LinqContainer<T>: a “cold” repository. Translates expression trees into SQL queries, fetches data, maps it to entities, and returns the result. Built on top of Table<T>.

The code generator regenerated the file with entity classes from scratch, even pulling comments from the database. It looked roughly like this:

public partial class Brand : sqlobject
{
   	#region Private members

    /// <summary>;
    /// Customer's organization ID
    /// </summary>;
    private int customerID;
    
    /// <summary>;
    /// Brand category (Keywords)
    /// </summary>;
    private int categoryID = 0;
    
    /// <summary>;
    /// Is Luxury brand
    /// </summary>;
    private bool luxury;
    
    #endregion
    
    #region Properties
    
    /// <summary>;
    /// Customer's organization ID
    /// </summary>;
    public int CustomerID
    {
    	get { return customerID; }
    	set { if (customerID != value){ customerID = value; Update("CustomerID", value);}}
    }
    
    /// <summary>;
    /// Brand category (Keywords)
    /// </summary>;
    public int CategoryID
    {
    	get { return categoryID; }
    	set { if (categoryID != value){ categoryID = value; Update("CategoryID", value);}}
    }
    
    /// <summary>;
    /// Is Luxury brand
    /// </summary>;
    public bool Luxury
    {
    	get { return luxury; }
    	set { if (luxury != value){ luxury = value; Update("Luxury", value);}}
    }
    
    #endregion
    
    #region Methods

    public override bool Download(FieldReader fieldReader)
    {
    	bool changed = false;
    	if (fieldReader.Read(ref customerID, "CustomerID")) { changed = true; OnPropertyChanged("CustomerID"); }
    	if (fieldReader.Read(ref categoryID, "CategoryID")) { changed = true; OnPropertyChanged("CategoryID"); }
    	if (fieldReader.Read(ref luxury, "Luxury")) { changed = true; OnPropertyChanged("Luxury"); }
    	return changed;
    }
    
    public Brand CopySqlFields()
    {
    	var copy = new Brand();
    	copy.Name = Name;
    	copy.CustomerID = CustomerID;
    	copy.CategoryID = CategoryID;
    	copy.Luxury = Luxury;
    	return copy;
    }

    #endregion
}

The Download method and Read calls include built-in INotifyPropertyChanged support, making it possible to bind entities directly to the UI grid, for example.

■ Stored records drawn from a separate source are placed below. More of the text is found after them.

(* Let $\mu$ be a distribution over $\{0,1\}^V$ and $\theta\in(0,1)$. The Markov chains $P_{\pi\text{-GD}}$, $P_{\mathrm{cl}}$ and $P_{\mathrm{s\text{-}GD}}$ are all reversible with respect to $\pi$.
   Context: Tilted $(\theta*\mu)(\sigma)\propto\mu(\sigma)\theta^{\|\sigma\|_1}$. $\mathsf{lift}:\{0,1\}^V\to\{0,1,\star\}^V$ random: independently per coordinate $0\mapsto0$, $1\mapsto\star$ w.p. $1-\theta$, $1\mapsto1$ w.p. $\theta$; $\mathsf{contr}$: $0\mapsto0$, $1,\star\mapsto1$. $\pi$: law of $\mathsf{lift}(X)$, $X\sim\mu$, support $\Omega(\pi)$. $P_{\pi\text{-GD}}$: pick $v$ uniformly, resample $X_v$ from $\pi$ given $X_{V\setminus\{v\}}$. $P_{\mathrm{cl}}$: $X\mapsto\mathsf{lift}(\mathsf{contr}(X))$. $P_{\mathrm{s\text{-}GD}}$: pick $v$ uniformly; if $X_v=\star$ keep; otherwise resample $X_v\in\{0,1\}$ from $(\theta*\mu)_v^{\sigma_{V\setminus\{v\}}}$, $\sigma=\mathsf{contr}(X)$. Reversible w.r.t. $\pi$: $\pi(\sigma)P(\sigma,\tau)=\pi(\tau)P(\tau,\sigma)$ for all $\sigma,\tau\in\Omega(\pi)$. *)

From HB Require Import structures.
From mathcomp Require Import all_boot all_order all_algebra.
Set Implicit Arguments. Unset Strict Implicit. Unset Printing Implicit Defensive.
Import Order.TTheory GRing.Theory Num.Theory.
Local Open Scope ring_scope.

Inductive spin := S0 | S1 | Sstar.

Definition spin_enc (s : spin) : option bool :=
  match s with S0 => Some false | S1 => Some true | Sstar => None end.
Definition spin_dec (o : option bool) : spin :=
  match o with Some false => S0 | Some true => S1 | None => Sstar end.
Lemma spin_encK : cancel spin_enc spin_dec. Proof. by case. Qed.
HB.instance Definition _ := Finite.copy spin (can_type spin_encK).

Section Defs.
Variables (R : realFieldType) (V : finType).

Notation conf := {ffun V -> bool}.     (* {0,1}^V, true = 1 *)
Notation lconf := {ffun V -> spin}.

Definition is_distribution (mu : conf -> R) :=
  (forall s, 0 <= mu s) /\ \sum_s mu s = 1.

Definition norm1 (s : conf) : nat := #|[set v | s v]|.

Definition tilted (mu : conf -> R) (theta : R) (s : conf) : R :=
  mu s * theta ^+ norm1 s / \sum_t (mu t * theta ^+ norm1 t).

Definition upd (T : Type) (x : {ffun V -> T}) (v : V) (c : T) : {ffun V -> T} :=
  [ffun u => if u == v then c else x u].

(* conditional marginal nu_v^{sigma_{V \ v}}(b) = P_nu(X_v = b | X_{V\v} = sigma_{V\v}) *)
Definition cond_marg (nu : conf -> R) (s : conf) (v : V) (b : bool) : R :=
  nu (upd s v b) / (nu (upd s v false) + nu (upd s v true)).

Definition contr (x : lconf) : conf := [ffun v => x v != S0].

(* one-site probability that lift maps a to s *)
Definition lift1 (theta : R) (a : bool) (s : spin) : R :=
  match a, s with
  | false, S0 => 1
  | false, _ => 0
  | true, S0 => 0
  | true, S1 => theta
  | true, Sstar => 1 - theta
  end.

Definition lift_prob (theta : R) (s : conf) (t : lconf) : R :=
  \prod_v lift1 theta (s v) (t v).

Definition pi_law (mu : conf -> R) (theta : R) (t : lconf) : R :=
  \sum_s mu s * lift_prob theta s t.

Definition in_support (mu : conf -> R) (theta : R) (t : lconf) : bool :=
  pi_law mu theta t != 0.

Definition agree_off (x y : lconf) (v : V) : bool :=
  [forall u, (u != v) ==> (x u == y u)].

Definition P_piGD (mu : conf -> R) (theta : R) (x y : lconf) : R :=
  #|V|%:R^-1 * \sum_v
    (if agree_off x y v then
       pi_law mu theta y / \sum_(c : spin) pi_law mu theta (upd x v c)
     else 0).

Definition P_cl (theta : R) (x y : lconf) : R :=
  lift_prob theta (contr x) y.

Definition P_sGD (mu : conf -> R) (theta : R) (x y : lconf) : R :=
  #|V|%:R^-1 * \sum_v
    (if x v == Sstar then (if y == x then 1 else 0)
     else if agree_off x y v && (y v != Sstar) then
       cond_marg (tilted mu theta) (contr x) v (y v == S1)
     else 0).

Definition reversible (mu : conf -> R) (theta : R) (P : lconf -> lconf -> R) :=
  forall x y, in_support mu theta x -> in_support mu theta y ->
    pi_law mu theta x * P x y = pi_law mu theta y * P y x.

End Defs.

(** Detailed balance holds for all pairs of configurations, whatever [mu] and
    [theta], and each site update of the two Glauber dynamics balances on its
    own.  Since [lift] never changes [contr],
    [pi(x) = mu(contr x) * P(lift(contr x) = x)].  For [P_piGD] the
    normalising constant is the same from both endpoints; for [P_cl] both
    sides vanish unless [contr x = contr y]; for [P_sGD], flipping a non-star
    spin between [0] and [1] changes the lifting weight by exactly the factor
    [theta] that the tilt [theta ^ |sigma|] compensates. *)
From HB Require Import structures.
From mathcomp Require Import all_boot all_order all_algebra.
Import Order.TTheory GRing.Theory Num.Theory.
Local Open Scope ring_scope.
Set Implicit Arguments. Unset Strict Implicit.

Section Reversibility.
Variables (R : realFieldType) (V : finType).

Notation conf := {ffun V -> bool}.
Notation lconf := {ffun V -> spin}.

Implicit Types (mu : conf -> R) (theta : R) (x y : lconf) (v : V).

Lemma agree_offP x y v u : agree_off x y v -> u != v -> x u = y u.
Proof. by move=> /forallP/(_ u)/implyP agr /agr/eqP. Qed.

Lemma agree_offC x y v : agree_off x y v = agree_off y x v.
Proof. by apply: eq_forallb => u; rewrite [x u == _]eq_sym. Qed.

Lemma upd_agree_off x y v c : agree_off x y v -> upd x v c = upd y v c.
Proof.
move=> agr; apply/ffunP => u; rewrite !ffunE.
by case: eqVneq => // /(agree_offP agr).
Qed.

Lemma upd_contr_agree_off x y v b :
  agree_off x y v -> upd (contr x) v b = upd (contr y) v b.
Proof.
move=> agr; apply/ffunP => u; rewrite !ffunE.
by case: eqVneq => // /(agree_offP agr) ->.
Qed.

Lemma upd_contr_nstar x y v :
  agree_off x y v -> y v != Sstar -> upd (contr x) v (y v == S1) = contr y.
Proof.
move=> agr ystar; apply/ffunP => u; rewrite !ffunE.
case: eqVneq => [->|/(agree_offP agr) -> //].
by case: (y v) ystar.
Qed.

Lemma lift_prob_eq0 theta (s : conf) x : s != contr x -> lift_prob theta s x = 0.
Proof.
move=> neq; have [u su] : exists u, s u != contr x u.
  apply/existsP; apply: contraNT neq => /existsPn eqs.
  by apply/eqP/ffunP => u; apply/eqP/negPn/eqs.
rewrite /lift_prob (bigD1 u) //= (_ : lift1 _ _ _ = 0) ?mul0r //.
by move: su; rewrite ffunE; case: (s u); case: (x u).
Qed.

Lemma pi_lawE mu theta x :
  pi_law mu theta x = mu (contr x) * lift_prob theta (contr x) x.
Proof.
rewrite /pi_law (bigD1 (contr x)) //= big1 ?addr0 // => s neq.
by rewrite lift_prob_eq0 ?mulr0.
Qed.

Lemma expr_norm1 theta (s : conf) :
  theta ^+ norm1 s = \prod_u (if s u then theta else 1).
Proof. by rewrite /norm1 -prodr_const big_mkcond; apply: eq_bigr => u _; rewrite inE. Qed.

Lemma lift_prob_norm1_swap theta x y v :
  agree_off x y v -> x v != Sstar -> y v != Sstar ->
  lift_prob theta (contr x) x * theta ^+ norm1 (contr y) =
  lift_prob theta (contr y) y * theta ^+ norm1 (contr x).
Proof.
move=> agr xstar ystar.
rewrite !expr_norm1 /lift_prob -!big_split /= (bigD1 v) // [RHS](bigD1 v) //=.
congr (_ * _); last by apply: eq_bigr => u /(agree_offP agr) xy; rewrite !ffunE xy.
by rewrite !ffunE; case: (x v) xstar; case: (y v) ystar => // _ _; rewrite mulrC.
Qed.

Lemma pi_law_tilted_swap mu theta x y v :
  agree_off x y v -> x v != Sstar -> y v != Sstar ->
  pi_law mu theta x * tilted mu theta (contr y) =
  pi_law mu theta y * tilted mu theta (contr x).
Proof.
move=> agr xstar ystar; rewrite !pi_lawE /tilted !mulrA; congr (_ / _).
rewrite -!mulrA !(mulrCA (lift_prob _ _ _)) (lift_prob_norm1_swap _ agr) //.
exact: mulrCA.
Qed.

Lemma detailed_balance_avg (w : lconf -> R) (K : V -> lconf -> lconf -> R) x y :
  (forall v, w x * K v x y = w y * K v y x) ->
  w x * (#|V|%:R^-1 * \sum_v K v x y) = w y * (#|V|%:R^-1 * \sum_v K v y x).
Proof.
move=> site; rewrite mulrCA [RHS]mulrCA; congr (_ * _).
by rewrite !mulr_sumr; apply: eq_bigr => v _.
Qed.

Definition piGD_site mu theta v x y : R :=
  if agree_off x y v then
    pi_law mu theta y / \sum_(c : spin) pi_law mu theta (upd x v c)
  else 0.

Definition sGD_site mu theta v x y : R :=
  if x v == Sstar then (if y == x then 1 else 0)
  else if agree_off x y v && (y v != Sstar) then
    cond_marg (tilted mu theta) (contr x) v (y v == S1)
  else 0.

Lemma detailed_balance_piGD mu theta x y :
  pi_law mu theta x * P_piGD mu theta x y = pi_law mu theta y * P_piGD mu theta y x.
Proof.
apply: (detailed_balance_avg (K := piGD_site mu theta)) => v.
rewrite /piGD_site agree_offC; case: ifP => [agr|_]; last by rewrite !mulr0.
rewrite mulrCA; congr (_ * (_ / _)); apply: eq_bigr => c _.
by rewrite (upd_agree_off _ agr).
Qed.

Lemma detailed_balance_cl mu theta x y :
  pi_law mu theta x * P_cl theta x y = pi_law mu theta y * P_cl theta y x.
Proof.
rewrite /P_cl !pi_lawE; have [eqc|neqc] := eqVneq (contr x) (contr y).
  by rewrite eqc mulrAC.
have neqc' : contr y != contr x by rewrite eq_sym.
by rewrite (lift_prob_eq0 _ neqc) (lift_prob_eq0 _ neqc') !mulr0.
Qed.

Lemma sGD_site_neq mu theta v x y : y != x ->
  sGD_site mu theta v x y =
  if [&& x v != Sstar, y v != Sstar & agree_off x y v] then
    cond_marg (tilted mu theta) (contr x) v (y v == S1)
  else 0.
Proof. by rewrite /sGD_site => /negbTE ->; case: (x v == Sstar); rewrite // andbC. Qed.

Lemma detailed_balance_sGD mu theta x y :
  pi_law mu theta x * P_sGD mu theta x y = pi_law mu theta y * P_sGD mu theta y x.
Proof.
have [->|neq] := eqVneq y x; first by [].
apply: (detailed_balance_avg (K := sGD_site mu theta)) => v.
rewrite sGD_site_neq // sGD_site_neq 1?[x == y]eq_sym // [agree_off y x v]agree_offC.
rewrite [in RHS]andbCA; case: ifP => [/and3P[xstar ystar agr]|_]; last by rewrite !mulr0.
have agr' : agree_off y x v by rewrite agree_offC.
rewrite /cond_marg (upd_contr_nstar agr) // (upd_contr_nstar agr') //.
by rewrite !(upd_contr_agree_off _ agr) mulrA (pi_law_tilted_swap _ _ agr) // mulrA.
Qed.

Lemma reversible_detailed_balance mu theta (P : lconf -> lconf -> R) :
  (forall x y, pi_law mu theta x * P x y = pi_law mu theta y * P y x) ->
  reversible mu theta P.
Proof. by move=> balance x y _ _. Qed.

End Reversibility.

Theorem lemma5p5 (R : realFieldType) (V : finType)
  (mu : {ffun V -> bool} -> R) (theta : R) :
  is_distribution mu -> 0 < theta < 1 ->
  [/\ reversible mu theta (P_piGD mu theta),
      reversible mu theta (P_cl (V:=V) theta)
    & reversible mu theta (P_sGD mu theta)].
Proof.
move=> _ _; split; apply: reversible_detailed_balance.
- exact: detailed_balance_piGD.
- exact: detailed_balance_cl.
- exact: detailed_balance_sGD.
Qed.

protected void Update(string column, object value)
{
	if (Updates == null) Updates = new Dictionary<string, object>();
	Updates[column] = value;
	OnPropertyChanged(column);
	sql.ItemChanged(GetType(), this);
}

The Update method also supports INotifyPropertyChanged, collecting changed fields into an untyped dictionary and pushing updates to the database after 30 ms. Strong typing isn’t critical here because the connector’s AddParameter method accepts object anyway.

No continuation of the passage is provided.